*** Begin section ***

(* Suppose Assumptions 1–4 hold and $p$ is convex. Let $\mathbf{x}$ be a Cournot candidate and $\mathbf{x}^S$ a social optimum with $p(X)\neq p(X^S)$ (so $X<X^S$ and $p$ is differentiable at $X$), and let $c=|p'(X)|$. Define $$p^0(q)=\begin{cases}-c(q-X)+p(X), & 0\le q\le X,\\ \max\left\{0,\ \dfrac{p(X^S)-p(X)}{X^S-X}(q-X)+p(X)\right\}, & q>X.\end{cases}$$ Consider the modified model with inverse demand $p^0$ and the same cost functions. Then $\mathbf{x}^S$ is socially optimal in the modified model, and the efficiency $\gamma^0(\mathbf{x})$ of $\mathbf{x}$ in the modified model satisfies $\gamma^0(\mathbf{x})\le\gamma(\mathbf{x})$.
   Context: Cournot model: $N$ suppliers, inverse demand $p:[0,\infty)\to[0,\infty)$, supplier $n$ has cost $C_n:[0,\infty)\to[0,\infty)$ and chooses $x_n\ge0$; $X=\sum_n x_n$, $X^S=\sum_n x_n^S$. $\partial_\pm$ denote right/left derivatives; $C_n'(0)$ is the right derivative at $0$. Assumption 1: each $C_n$ is convex, continuous, nondecreasing on $[0,\infty)$, continuously differentiable on $(0,\infty)$, with $C_n(0)=0$. Assumption 2: $p$ is continuous, nonnegative, nonincreasing, $p(0)>0$; its right derivative at $0$ exists and at every $q>0$ its left and right derivatives exist. Assumption 3: there exists $R>0$ such that $p(R)\le\min_n C_n'(0)$. Assumption 4: $p(0)>\min_n C_n'(0)$. Social welfare of $\mathbf{x}\ge0$ under inverse demand $\tilde p$: $\int_0^X \tilde p(q)\,dq-\sum_{n=1}^N C_n(x_n)$; a social optimum maximizes it over nonnegative vectors. Efficiency of $\mathbf{x}$: its welfare divided by the optimal welfare (for the respective model). A nonnegative vector $\mathbf{x}$ is a Cournot candidate if for every $n$: $C_n'(x_n)\le p(X)+x_n\,\partial_-p(X)$ whenever $x_n>0$, and $C_n'(x_n)\ge p(X)+x_n\,\partial_+p(X)$. *)

From Stdlib Require Import Reals Lra ClassicalEpsilon.
Open Scope R_scope.

Fixpoint sumN (N : nat) (f : nat -> R) : R :=
  match N with
  | O => 0
  | S n => sumN n f + f n
  end.

(* Riemann integral of f over [a,b] (value of RiemannInt when f is integrable;
   an unspecified real otherwise). *)
Definition integral (f : R -> R) (a b : R) : R :=
  epsilon (inhabits 0)
    (fun l => exists pr : Riemann_integrable f a b, RiemannInt pr = l).

Definition right_deriv (f : R -> R) (x l : R) : Prop :=
  forall eps, 0 < eps -> exists delta, 0 < delta /\
    forall h, 0 < h < delta -> Rabs ((f (x + h) - f x) / h - l) < eps.

Definition left_deriv (f : R -> R) (x l : R) : Prop :=
  forall eps, 0 < eps -> exists delta, 0 < delta /\
    forall h, 0 < h < delta -> Rabs ((f (x - h) - f x) / (- h) - l) < eps.

Definition cont_nonneg (f : R -> R) : Prop :=
  forall x, 0 <= x -> forall eps, 0 < eps -> exists delta, 0 < delta /\
    forall y, 0 <= y -> Rabs (y - x) < delta -> Rabs (f y - f x) < eps.

Definition convex_nonneg (f : R -> R) : Prop :=
  forall a b t, 0 <= a -> 0 <= b -> 0 <= t <= 1 ->
    f (t * a + (1 - t) * b) <= t * f a + (1 - t) * f b.

Definition nondecr_nonneg (f : R -> R) : Prop :=
  forall a b, 0 <= a -> a <= b -> f a <= f b.

Definition nonincr_nonneg (f : R -> R) : Prop :=
  forall a b, 0 <= a -> a <= b -> f b <= f a.

Definition assumption1 (N : nat) (C dC : nat -> R -> R) : Prop :=
  forall n, (n < N)%nat ->
    convex_nonneg (C n) /\ cont_nonneg (C n) /\ nondecr_nonneg (C n) /\
    (forall x, 0 < x -> derivable_pt_lim (C n) x (dC n x)) /\
    (forall x, 0 < x -> continuity_pt (dC n) x) /\
    right_deriv (C n) 0 (dC n 0) /\
    C n 0 = 0.

(* Assumption 2; dpp q = right derivative of p at q >= 0,
   dpm q = left derivative of p at q > 0. *)
Definition assumption2 (p dpm dpp : R -> R) : Prop :=
  cont_nonneg p /\ (forall q, 0 <= q -> 0 <= p q) /\ nonincr_nonneg p /\
  0 < p 0 /\
  (forall q, 0 <= q -> right_deriv p q (dpp q)) /\
  (forall q, 0 < q -> left_deriv p q (dpm q)).

Definition assumption3 (N : nat) (dC : nat -> R -> R) (p : R -> R) : Prop :=
  exists Rb, 0 < Rb /\ forall n, (n < N)%nat -> p Rb <= dC n 0.

Definition assumption4 (N : nat) (dC : nat -> R -> R) (p : R -> R) : Prop :=
  exists n, (n < N)%nat /\ dC n 0 < p 0.

Definition nonneg_vec (N : nat) (x : nat -> R) : Prop :=
  forall n, (n < N)%nat -> 0 <= x n.

Definition welfare (p : R -> R) (N : nat) (C : nat -> R -> R) (x : nat -> R) : R :=
  integral p 0 (sumN N x) - sumN N (fun n => C n (x n)).

Definition social_optimum (p : R -> R) (N : nat) (C : nat -> R -> R)
  (xS : nat -> R) : Prop :=
  nonneg_vec N xS /\
  forall y, nonneg_vec N y -> welfare p N C y <= welfare p N C xS.

(* efficiency of x relative to a social optimum xS (optimal welfare = welfare of xS) *)
Definition efficiency (p : R -> R) (N : nat) (C : nat -> R -> R) (x xS : nat -> R) : R :=
  welfare p N C x / welfare p N C xS.

Definition cournot_candidate (p dpm dpp : R -> R) (N : nat) (dC : nat -> R -> R)
  (x : nat -> R) : Prop :=
  nonneg_vec N x /\
  forall n, (n < N)%nat ->
    (0 < x n -> dC n (x n) <= p (sumN N x) + x n * dpm (sumN N x)) /\
    p (sumN N x) + x n * dpp (sumN N x) <= dC n (x n).

Definition p0 (p : R -> R) (X XS c : R) (q : R) : R :=
  if Rle_dec q X then - c * (q - X) + p X
  else Rmax 0 ((p XS - p X) / (XS - X) * (q - X) + p X).

From Stdlib Require Import Reals Lra Lia ClassicalEpsilon.
Open Scope R_scope.

(* The argument:
   - Optimality of xS for p yields the KKT conditions at price p(XS): every
     marginal cost is >= p(XS), with equality for active suppliers (obtained by
     unilateral deviations, using the continuity of p).
   - Conversely, with convex costs these conditions make xS optimal for any
     integrable demand that is >= p(XS) on [0,XS] and <= p(XS) beyond XS;
     p0 is such a demand, so xS is optimal in the modified model.
   - At a Cournot candidate active marginal costs are <= p(X); with the KKT
     conditions and monotone marginal costs this forces X < XS when
     p(X) <> p(XS), and it gives nonnegative welfare for x.
   - By convexity p0 <= p on [0,X] (tangent) and p0 >= p on [X,XS] (chord), so
     the modified model loses the same amount A >= 0 on both welfares and gains
     B >= 0 on the optimal one, which can only decrease the ratio. *)

Lemma integral_eq f a b (pr : Riemann_integrable f a b) :
  integral f a b = RiemannInt pr.
Proof.
  unfold integral.
  destruct (epsilon_spec (inhabits 0)
    (fun l => exists pr : Riemann_integrable f a b, RiemannInt pr = l)
    (ex_intro _ _ (ex_intro _ pr eq_refl))) as [pr' H].
  rewrite <- H. apply RiemannInt_P5.
Qed.

Definition integrable_nonneg (f : R -> R) : Type :=
  forall a b, 0 <= a -> a <= b -> Riemann_integrable f a b.

Lemma integral_zero f : integral f 0 0 = 0.
Proof. rewrite (integral_eq _ _ _ (RiemannInt_P7 f 0)). apply RiemannInt_P9. Qed.

Lemma integral_split f a b (Hf : integrable_nonneg f) (ha : 0 <= a) (hab : a <= b) :
  integral f 0 b - integral f 0 a = RiemannInt (Hf a b ha hab).
Proof.
  pose proof (Hf 0 b (Rle_refl 0) (Rle_trans _ _ _ ha hab)) as H0b.
  pose proof (Hf 0 a (Rle_refl 0) ha) as H0a.
  rewrite (integral_eq _ _ _ H0b), (integral_eq _ _ _ H0a).
  rewrite <- (RiemannInt_P26 H0a (Hf a b ha hab) H0b). ring.
Qed.

Lemma integral_mono f g a b : integrable_nonneg f -> integrable_nonneg g ->
  0 <= a -> a <= b -> (forall q, a < q < b -> f q <= g q) ->
  integral f 0 b - integral f 0 a <= integral g 0 b - integral g 0 a.
Proof.
  intros Hf Hg ha hab hfg. rewrite (integral_split f a b Hf ha hab), (integral_split g a b Hg ha hab).
  apply RiemannInt_P19; auto.
Qed.

Lemma integral_lower_bound f a b l : integrable_nonneg f -> 0 <= a -> a <= b ->
  (forall q, a < q < b -> l <= f q) -> l * (b - a) <= integral f 0 b - integral f 0 a.
Proof.
  intros Hf ha hab hf. rewrite (integral_split f a b Hf ha hab).
  rewrite <- (RiemannInt_P15 (RiemannInt_P14 a b l)). apply RiemannInt_P19; auto.
Qed.

Lemma integral_upper_bound f a b u : integrable_nonneg f -> 0 <= a -> a <= b ->
  (forall q, a < q < b -> f q <= u) -> integral f 0 b - integral f 0 a <= u * (b - a).
Proof.
  intros Hf ha hab hf. rewrite (integral_split f a b Hf ha hab).
  rewrite <- (RiemannInt_P15 (RiemannInt_P14 a b u)). apply RiemannInt_P19; auto.
Qed.

Lemma lipschitz_continuity_pt g x K : 0 <= K ->
  (forall y, Rabs (g y - g x) <= K * Rabs (y - x)) -> continuity_pt g x.
Proof.
  intros hK hg. unfold continuity_pt, continue_in, limit1_in, limit_in; simpl; unfold R_dist.
  intros eps heps. exists (eps / (K + 1)). split.
  - apply Rdiv_lt_0_compat; lra.
  - intros y [_ hy]. eapply Rle_lt_trans; [apply hg|].
    assert (K * Rabs (y - x) <= K * (eps / (K + 1))) by (apply Rmult_le_compat_l; lra).
    assert (K * (eps / (K + 1)) < eps).
    { apply Rmult_lt_reg_r with (K + 1); [lra|]. field_simplify; nra. }
    lra.
Qed.

Lemma Rmax0_lipschitz a b : Rabs (Rmax 0 a - Rmax 0 b) <= Rabs (a - b).
Proof.
  unfold Rmax; destruct (Rle_dec 0 a); destruct (Rle_dec 0 b);
  unfold Rabs; repeat destruct Rcase_abs; lra.
Qed.

(* A function continuous on [0,oo) is integrable there: compose with the clamp [Rmax 0]. *)
Lemma cont_nonneg_integrable f : cont_nonneg f -> integrable_nonneg f.
Proof.
  intros hf a b ha hab.
  apply Riemann_integrable_ext with (fun y => f (Rmax 0 y)).
  { intros y hy. rewrite Rmin_left in hy by lra. rewrite Rmax_right by lra. reflexivity. }
  apply continuity_implies_RiemannInt; auto.
  intros x hx. unfold continuity_pt, continue_in, limit1_in, limit_in; simpl; unfold R_dist.
  intros eps heps. destruct (hf x ltac:(lra) eps heps) as [d [hd H]].
  exists d. split; auto. intros y [_ hy].
  rewrite (Rmax_right 0 x) by lra.
  apply H; [apply Rmax_l|]. eapply Rle_lt_trans; [|exact hy].
  replace x with (Rmax 0 x) at 1 by (apply Rmax_right; lra). apply Rmax0_lipschitz.
Qed.

Lemma piecewise_continuous_integrable f g1 g2 X : 0 <= X ->
  (forall q, q <= X -> f q = g1 q) -> (forall q, X <= q -> f q = g2 q) ->
  (forall q, continuity_pt g1 q) -> (forall q, continuity_pt g2 q) ->
  integrable_nonneg f.
Proof.
  intros hX h1 h2 c1 c2.
  assert (i1 : forall a b, a <= b -> b <= X -> Riemann_integrable f a b).
  { intros a b hab hb. apply Riemann_integrable_ext with g1.
    - intros q hq. rewrite Rmin_left, Rmax_right in hq by lra. rewrite h1; lra.
    - apply continuity_implies_RiemannInt; auto. }
  assert (i2 : forall a b, a <= b -> X <= a -> Riemann_integrable f a b).
  { intros a b hab ha. apply Riemann_integrable_ext with g2.
    - intros q hq. rewrite Rmin_left, Rmax_right in hq by lra. rewrite h2; lra.
    - apply continuity_implies_RiemannInt; auto. }
  intros a b ha hab. destruct (Rle_dec b X); [apply i1; auto|].
  destruct (Rle_dec X a); [apply i2; auto|].
  apply RiemannInt_P24 with X; [apply i1 | apply i2]; lra.
Qed.

Lemma convex_three_point f u v w : convex_nonneg f -> 0 <= u -> u < v -> v < w ->
  (w - u) * f v <= (w - v) * f u + (v - u) * f w.
Proof.
  intros hf hu huv hvw.
  set (t := (w - v) / (w - u)).
  assert (ht : 0 <= t <= 1).
  { unfold t; split.
    - apply Rmult_le_pos; [lra | apply Rlt_le, Rinv_0_lt_compat; lra].
    - apply Rmult_le_reg_r with (w - u); [lra|]. field_simplify; lra. }
  pose proof (hf u w t hu ltac:(lra) ht) as H.
  replace (t * u + (1 - t) * w) with v in H by (unfold t; field; lra).
  replace ((w - v) * f u + (v - u) * f w) with ((w - u) * (t * f u + (1 - t) * f w))
    by (unfold t; field; lra).
  apply Rmult_le_compat_l; lra.
Qed.

Lemma right_limit_le g l K d0 :
  (forall eps, 0 < eps -> exists d, 0 < d /\ forall h, 0 < h < d -> Rabs (g h - l) < eps) ->
  0 < d0 -> (forall h, 0 < h < d0 -> g h <= K) -> l <= K.
Proof.
  intros hlim hd0 hg. destruct (Rle_dec l K) as [|hn]; auto. exfalso.
  destruct (hlim (l - K) ltac:(lra)) as [d [hd H]].
  set (h := Rmin d d0 / 2).
  assert (0 < Rmin d d0) by (apply Rmin_glb_lt; lra).
  pose proof (Rmin_l d d0). pose proof (Rmin_r d d0).
  specialize (H h ltac:(unfold h; lra)). specialize (hg h ltac:(unfold h; lra)).
  apply Rabs_def2 in H. lra.
Qed.

Lemma right_limit_ge g l K d0 :
  (forall eps, 0 < eps -> exists d, 0 < d /\ forall h, 0 < h < d -> Rabs (g h - l) < eps) ->
  0 < d0 -> (forall h, 0 < h < d0 -> K <= g h) -> K <= l.
Proof.
  intros hlim hd0 hg.
  enough (- l <= - K) by lra.
  apply (right_limit_le (fun h => - g h) (- l) (- K) d0); auto.
  - intros eps heps. destruct (hlim eps heps) as [d [hd H]]. exists d; split; auto.
    intros h hh. replace (- g h - - l) with (- (g h - l)) by ring. rewrite Rabs_Ropp. auto.
  - intros h hh. specialize (hg h hh). lra.
Qed.

Lemma derivable_right_deriv f x l : derivable_pt_lim f x l -> right_deriv f x l.
Proof.
  intros H eps heps. destruct (H eps heps) as [d Hd]. exists d. split; [apply cond_pos|].
  intros h hh. apply Hd; [lra|]. rewrite Rabs_right; lra.
Qed.

Lemma derivable_left_deriv f x l : derivable_pt_lim f x l -> left_deriv f x l.
Proof.
  intros H eps heps. destruct (H eps heps) as [d Hd]. exists d. split; [apply cond_pos|].
  intros h hh. replace (x - h) with (x + - h) by ring. apply Hd; [lra|].
  rewrite Rabs_left; lra.
Qed.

*** End section ***

Only the lines above from the one with "marginal cost is" through the one with "- Conversely, with" should be duplicated, character for character.

     marginal cost is >= p(XS), with equality for active suppliers (obtained by
     unilateral deviations, using the continuity of p).
   - Conversely, with convex costs these conditions make xS optimal for any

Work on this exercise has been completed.